How do CAPTCHAs work?

Usually, when CAPTCHA is enabled, a pop-up window appears on the monitor screen with a suggestion to pass the test. This happens when an unauthorized user attempts to access site data or attempts to display information. CAPTCHA text tests showed deliberately distorted numbers and letters, which even a human is sometimes difficult to identify.

Images are further complicated with different color combinations and other distorting elements. This becomes a problem for bots, especially since it is impossible to copy the test text. Later, an updated version of the test appeared - reCAPTCHA from Google. It invites users to find specified objects in the proposed images. There are also “invisible” versions of reCAPTCHA, but they turned out to be little effective. That said, many bot developers today have already managed to outperform all traditional versions of CAPTCHA and reCAPTCHA.

What are the cons of CAPTCHAs?

In today's reality, using traditional versions of CAPTCHA does not provide full protection against bots. They are equally likely to attack a website, mobile app or API. The effectiveness of reCAPTCHA is largely determined by privacy policy, as well as cookies and users with a Google account. Not only that, modern bots are able to pass CAPTCHAs correctly, or utilize CAPTCHA farms to pass the test seamlessly. This means that today's CAPTCHA effectiveness is no longer as effective as it once was, and many bots have the ability to infiltrate a site.

What are CAPTCHAs used for?

The action of CAPTCHA is to ensure access to the site for live users and to stop infiltration attempts for bots. The reasons why we are reluctant to allow bots to infiltrate sites are many:

Creating fake accounts and wasting resources. A lot of opportunities for malicious actions arise, from overloading traffic and servers to sending spam, launching phishing events or denying services to real users.
Posting spam and links to extraneous resources in comments, which can lead to site takeover and partial redirection. Users read comments from bots, see links in them, click on them and often become victims of scammers.
Buying large batches of tickets with subsequent resale at an inflated price. There can be different variants here - tickets to concerts, lectures and other events, airline tickets, etc. As a result, real customers cannot buy tickets at your price and are forced to overpay to fraudsters.
Distortion of online surveys by uncontrolled voting. This makes it possible, for example, to change the rating of products on Amazon to activate their sale.

During the advent of CAPTCHA tests, bots could not cope with the proposed task, and the protection of sites was quite effective. However, modern bots are much more advanced and can handle more complex tasks. Today, they can pass many types of tests and infiltrate websites under the guise of live users.

Types of CAPTCHA & How Different Ones Work

There are several traditional varieties of CAPTCHAs:

Text CAPTCHA

Previously, this was one of the most common types of CAPTCHA that could be seen on any websites. The test asked the user to repeat a word (sometimes a meaningless set of letters) displayed with large distortions. To make the task even more difficult, the text was partially masked by a blurred background.

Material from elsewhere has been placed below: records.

Definition sum_nz (M : nat) (F : int -> R[i]) : R[i] :=
  \sum_(i < (2 * M).+1 | i%:Z - M%:Z != 0) F (i%:Z - M%:Z).

Definition MT (g : nat -> R) (N Q : nat) (a : int) : R[i] :=
  \sum_(l <- divisors `|a|%N) sum_cop Q (fun d q =>
     (g (l * d)%N * g (l * q)%N / q%:R *
       (((2 * N) %/ (l * d))%N%:R - (N %/ (l * d))%N%:R))%:C).

Definition Rf (g : nat -> R) (N Q : nat) (a : int) : R[i] :=
  \sum_(l <- divisors `|a|%N) sum_cop Q (fun d q =>
     (g (l * d)%N * g (l * q)%N / q%:R)%:C *
     \sum_(1 <= j < q)
        eq_ q (- (j%:R * a%:~R) / l%:R) *
        sum_m N l d (fun m => eq_ q (j%:R * d%:R * m%:R))).

End Defs.

(* Expanding f = g * 1, C_f(a) is the sum of g(d1) g(d2) times the number of
   n in (N, 2N] with d1 | n and d2 | n - a.  That number vanishes unless
   l = gcd(d1, d2) divides a; writing d1 = l d and d2 = l q with (d, q) = 1, it
   counts the m with N < l d m <= 2N and q | d m - a/l, and detecting this
   congruence with the additive characters mod q splits it into the main term
   (trivial character) and R_f(a) (the others).  For the average against K,
   substitute a = b l, exchange the sums over a and l, and pair j with q - j:
   as K is even both give the same sum over b, and
   e_q(jdm) + e_q(-jdm) = 2 cos(2 pi jdm / q). *)

From mathcomp Require Import all_boot all_order all_algebra.
From mathcomp Require Import complex.
From mathcomp Require Import reals trigo.
From mathcomp Require Import ring lra zify.
Import Order.TTheory GRing.Theory Num.Theory.

Set Implicit Arguments.
Unset Strict Implicit.
Unset Printing Implicit Defensive.
Local Open Scope ring_scope.
Local Open Scope complex_scope.

Section AdditiveCharacter.
Variable R : realType.

Lemma eeD (x y : R) : ee (x + y) = ee x * ee y.
Proof.
rewrite /ee mulrDr cosD sinD.
by apply/eqP; rewrite eq_complex /= eqxx /= addrC eqxx.
Qed.

Lemma ee0 : ee (0 : R) = 1.
Proof. by rewrite /ee mulr0 cos0 sin0. Qed.

Lemma ee_int (k : int) : ee (k%:~R : R) = 1.
Proof.
have ee_nat (n : nat) : ee (n%:R : R) = 1.
  elim: n => [|n IHn]; first exact: ee0.
  by rewrite -natr1 eeD IHn /ee mulr1 mulr_natl cos2pi sin2pi mul1r.
case: k => n; first exact: ee_nat.
have eeNS : ee (- n.+1%:R : R) * ee n.+1%:R = 1 by rewrite -eeD addNr ee0.
by rewrite NegzE mulrNz; rewrite ee_nat mulr1 in eeNS.
Qed.

Lemma ee_natM (j : nat) (x : R) : ee (j%:R * x) = ee x ^+ j.
Proof.
elim: j => [|j IHj]; first by rewrite mul0r ee0 expr0.
by rewrite -natr1 mulrDl mul1r eeD IHj exprSr.
Qed.

Lemma cos2pi_lt1 (t : R) : 0 < t < 1 -> cos (2 * pi * t) < 1.
Proof.
move=> /andP[t_gt0 t_lt1].
have pi_gt0 : (0 : R) < pi := pi_gt0 _.
have cos_lt1 (u : R) : 0 < u <= pi -> cos u < 1.
  move=> /andP[u_gt0 u_le_pi]; rewrite -cos0 ltr_cos // in_itv /=.
    by rewrite lexx ltW.
  by rewrite ltW.
have two_pi_t : 2 * pi * t < 2 * pi.
  by rewrite -[ltRHS]mulr1 ltr_pM2l // mulr_gt0.
case: (lerP (2 * pi * t) pi) => [le_pi|gt_pi].
  by apply: cos_lt1; rewrite le_pi !mulr_gt0.
rewrite -cosN -cosD2pi; apply: cos_lt1; rewrite -mulr_natl; lra.
Qed.

Lemma ee_neq1 (t : R) : 0 < t < 1 -> ee t != 1.
Proof.
move=> /cos2pi_lt1 cos_lt1; apply/negP => /eqP ee1.
by move: cos_lt1; rewrite [cos _](congr1 (@complex.Re R) ee1) ltxx.
Qed.

Lemma ee_frac_neq1 (q : nat) (k : int) : (0 < q)%N -> ~~ (q%:Z %| k)%Z ->
  ee (k%:~R / q%:R : R) != 1.
Proof.
move=> q_gt0 qNk; have qz : q%:Z != 0 by rewrite -lt0n.
have qU : (q%:~R : R) \is a GRing.unit by rewrite unitfE intr_eq0.
rewrite {1}(divz_eq k q%:Z) intrD mulrDl eeD intrM mulrK // ee_int mul1r.
have := modz_ge0 k qz; have := ltz_mod k qz.
have : (k %% q%:Z)%Z != 0 by apply: contra qNk => /eqP/dvdz_mod0P.
case: (k %% q%:Z)%Z => // r r_neq0 r_lt_q _; apply: ee_neq1.
rewrite divr_gt0 ?ltr0n ?lt0n //= ltr_pdivrMr ?ltr0n // mul1r.
by rewrite [_%:~R]/(r%:R) ltr_nat; move: r_lt_q; rewrite /Num.norm /=; lia.
Qed.

Lemma sum_ee_dvdz (q : nat) (k : int) : (0 < q)%N ->
  \sum_(0 <= j < q) ee (j%:R * k%:~R / q%:R : R) =
    if (q%:Z %| k)%Z then (q%:R : R[i]) else 0.
Proof.
move=> q_gt0; have qU : (q%:R : R) \is a GRing.unit by rewrite unitfE pnatr_eq0 -lt0n.
under eq_bigr do rewrite -mulrA ee_natM.
case: ifPn => [/dvdzP[c ->]|qNk].
  rewrite intrM mulrK; last by rewrite unitfE intr_eq0 -lt0n.
  by under eq_bigr do rewrite ee_int expr1n; rewrite sumr_const_nat subn0.
set z := ee _; have zq : z ^+ q = 1 by rewrite -ee_natM mulrCA divff ?mulr1 ?ee_int -?unitfE.
have := subrX1 z q; rewrite zq subrr => /esym/eqP.
by rewrite mulf_eq0 subr_eq0 (negbTE (ee_frac_neq1 q_gt0 qNk)) big_mkord => /eqP.
Qed.

End AdditiveCharacter.

Lemma big_reindex_seq (I J : eqType) (V : nmodType) (s : seq I) (t : seq J)
    (P : pred I) (Q : pred J) (phi : I -> J) (F : J -> V) :
  uniq s -> uniq t ->
  {in [pred i | (i \in s) && P i] &, injective phi} ->
  (forall i, i \in s -> P i -> (phi i \in t) && Q (phi i)) ->
  (forall j, j \in t -> Q j -> exists2 i, (i \in s) && P i & j = phi i) ->
  \sum_(i <- s | P i) F (phi i) = \sum_(j <- t | Q j) F j.
Proof.
move=> s_uniq t_uniq phi_inj phi_in phi_onto.
rewrite -[LHS]big_filter -[RHS]big_filter -(big_map phi xpredT F).
apply: perm_big; apply: uniq_perm; rewrite ?filter_uniq //.
  rewrite map_inj_in_uniq ?filter_uniq // => x y.
  by rewrite !mem_filter => /andP[Px sx] /andP[Py sy]; apply: phi_inj; rewrite inE ?sx ?Px ?sy ?Py.
move=> j; rewrite mem_filter; apply/mapP/idP => [[i si_f ->]|/andP[Qj tj]].
  by move: si_f; rewrite mem_filter => /andP[Pi si]; rewrite andbC; apply: phi_in.
by have [i /andP[si Pi] ->] := phi_onto j tj Qj; exists i; rewrite // mem_filter Pi si.
Qed.

Section Counting.
Variable R : realType.
Local Notation C := R[i].

Definition count_dvd2 (N : nat) (a : int) (d1 d2 : nat) : C :=
  \sum_(N.+1 <= n < (2 * N).+1 | (d1 %| n)%N && (d2 %| `|n%:Z - a|)%N) 1.

Lemma count_dvd2_eq0 (N : nat) (a : int) (d1 d2 : nat) :
  ~~ (gcdn d1 d2 %| `|a|)%N -> count_dvd2 N a d1 d2 = 0.
Proof.
move=> gNa; apply: big_pred0 => n; apply/negbTE/negP => /andP[d1n d2na].
apply/negP: gNa; have : ((gcdn d1 d2)%:Z %| n%:Z - (n%:Z - a))%Z.
  by apply: rpredB; [exact: dvdn_trans (dvdn_gcdl _ _) d1n | exact: dvdn_trans (dvdn_gcdr _ _) d2na].
by rewrite opprB addrC subrK negbK.
Qed.

Lemma sum1_nat_window (T a b : nat) : (b < T)%N ->
  \sum_(0 <= m < T | (a < m <= b)%N) (1 : C) = (b - a)%:R.
Proof.
move=> b_lt_T; rewrite (eq_bigr (fun=> 1%:R)) // -natr_sum; congr _%:R.
rewrite -[(b - a)%N]subSS -[(_ - _)%N]muln1 -sum_nat_const_nat.
by rewrite [RHS](big_nat_widenl _ 0) // [RHS](big_nat_widen _ _ T).
Qed.

Lemma window_condE (N k m : nat) : (0 < k)%N ->
  ((N%:R / k%:R < m%:R :> R) && (m%:R <= (2 * N)%:R / k%:R :> R)) =
    (N < k * m <= 2 * N)%N.
Proof.
move=> k_gt0; have k_gt0R : (0 : R) < k%:R by rewrite ltr0n.
by rewrite ltr_pdivrMr // ler_pdivlMr // -!natrM ltr_nat ler_nat mulnC.
Qed.

Lemma sum_m1 (N l d : nat) : (0 < l * d)%N ->
  sum_m N l d (fun=> 1 : C) = ((2 * N) %/ (l * d))%N%:R - (N %/ (l * d))%N%:R.
Proof.
move=> ld_gt0; rewrite /sum_m (eq_bigl (fun m => (N %/ (l * d) < m <= (2 * N) %/ (l * d))%N)).
  by rewrite sum1_nat_window ?natrB ?leq_div2r ?ltnS ?leq_div // leq_pmull.
by move=> m; rewrite window_condE // ltn_divLR // leq_divRL // mulnC.
Qed.

Lemma count_dvd2_scaled (N l d q : nat) (b : int) : (0 < l * d)%N ->
  count_dvd2 N (b * l%:Z) (l * d) (l * q) =
    sum_m N l d (fun m => if (l * q %| `|((l * d * m)%N%:Z - b * l%:Z)%R|)%N then 1 else 0).
Proof.
move=> ld_gt0; rewrite /count_dvd2 /sum_m big_mkcondr /=.
symmetry; apply: (@big_reindex_seq _ _ _ _ _ _ _ (fun m => l * d * m)%N
  (fun n => if (l * q %| `|(n%:Z - b * l%:Z)%R|)%N then 1 else 0)); try exact: iota_uniq.
- by move=> x y _ _ /eqP; rewrite eqn_mul2l eqn0Ngt ld_gt0 => /eqP.
- move=> m; rewrite !mem_index_iota window_condE // => _ /andP[lo hi].
  by rewrite dvdn_mulr // lo ltnS hi.
move=> n; rewrite mem_index_iota => /andP[lo hi] /dvdnP[m nE].
have mldE : (l * d * m = n)%N by rewrite nE mulnC.
exists m; rewrite ?mldE // mem_index_iota window_condE // mldE.
have m_le_n : (m <= n)%N by rewrite nE leq_pmulr.
lia.
Qed.

Lemma count_dvd2_ee (N l d q : nat) (a : int) :
  (0 < l)%N -> (0 < d)%N -> (0 < q)%N -> (l%:Z %| a)%Z ->
  count_dvd2 N a (l * d) (l * q) =
    (q%:R)^-1 * ((((2 * N) %/ (l * d))%N%:R - (N %/ (l * d))%N%:R)
      + \sum_(1 <= j < q) eq_ q (- (j%:R * a%:~R) / l%:R) *
          sum_m N l d (fun m => eq_ q (j%:R * d%:R * m%:R))).
Proof.
move=> l_gt0 d_gt0 q_gt0 /dvdzP[b ->].
have ld_gt0 : (0 < l * d)%N by rewrite muln_gt0 l_gt0.
have qR : (q%:R : R) != 0 by rewrite pnatr_eq0 -lt0n.
have lR : (l%:R : R) != 0 by rewrite pnatr_eq0 -lt0n.
have indicatorE m : (if (l * q %| `|((l * d * m)%N%:Z - b * l%:Z)%R|)%N then 1 else 0 : C) =
    q%:R^-1 * \sum_(0 <= j < q) ee (j%:R * ((d * m)%N%:Z - b)%:~R / q%:R : R).
  rewrite sum_ee_dvdz // -(dvdz_mul2l (_ : l%:Z != 0)) -?lt0n //.
  rewrite dvdzE -PoszM mulrBr -PoszM mulnA [b * _]mulrC.
  by case: ifP; rewrite ?mulr0 ?mulVf // pnatr_eq0 -lt0n.
rewrite count_dvd2_scaled // /sum_m (eq_bigr _ (fun m _ => indicatorE m)) -mulr_sumr.
congr (_ * _); rewrite exchange_big big_ltn //=; congr (_ + _).
  by under eq_bigr do rewrite !mul0r ee0; rewrite -sum_m1.
apply: eq_bigr => j _; rewrite mulr_sumr; apply: eq_bigr => m _.
rewrite /eq_ -eeD intrB intrM -!pmulrn natrM; congr ee.
by field; rewrite lR qR.
Qed.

Such texts had serious flaws and were often criticized. The main problem was the difficulty in reading the distorted text, sometimes preventing the repetition of a word. In addition, the test is impossible for people with poor eyesight.

Image CAPTCHA

This is a variant of the test in which the user is asked to look at several pictures and point out certain objects on them. This way of testing turned out to be more effective due to the inability of bots to recognize and correctly analyze images. At the same time, for humans the task turned out to be simpler, as the pictures are not distorted and the specified objects are clearly visible on them.

Different variants are used. Google works with its library of images from street view cameras. Artificial intelligence is used, generating images of the right type. That is why test queries are of the same type - stairs, crosswalks, fire hydrants, etc. With the help of these tasks the artificial intelligence is trained.

Audio CAPTCHA

Audio CAPTCHA is one of the most accessible variants of the test, allowing most users to cope with the task. To run it, you need to press the button (displayed in the form of a speaker) and listen to a sequence of numbers. In addition, a synthesized voice calls words that begin with the correct letters. When the headphone button is pressed, the user begins to solve the task. As a rule, it includes a set of several digits, which must be entered into the test box in the desired order.

Alternative CAPTCHAs

Many sites today are discontinuing traditional CAPTCHA types and moving to newer, alternative variants of the test. There are quite a few of them already:

A simple math example. The user has to specify its solution as the answer (for example, 2 + 3 =? We specify 5).
A text task in which the user has to specify a word in a sentence (usually the last one), rearrange the letters in a word or enter the required color background.
No CAPTCHA reCAPTCHA. The user is only required to check the “I am not a bot” box.
reCAPTCHA v3. This is the newest version of the test that runs in the background. It finds bots without user interaction.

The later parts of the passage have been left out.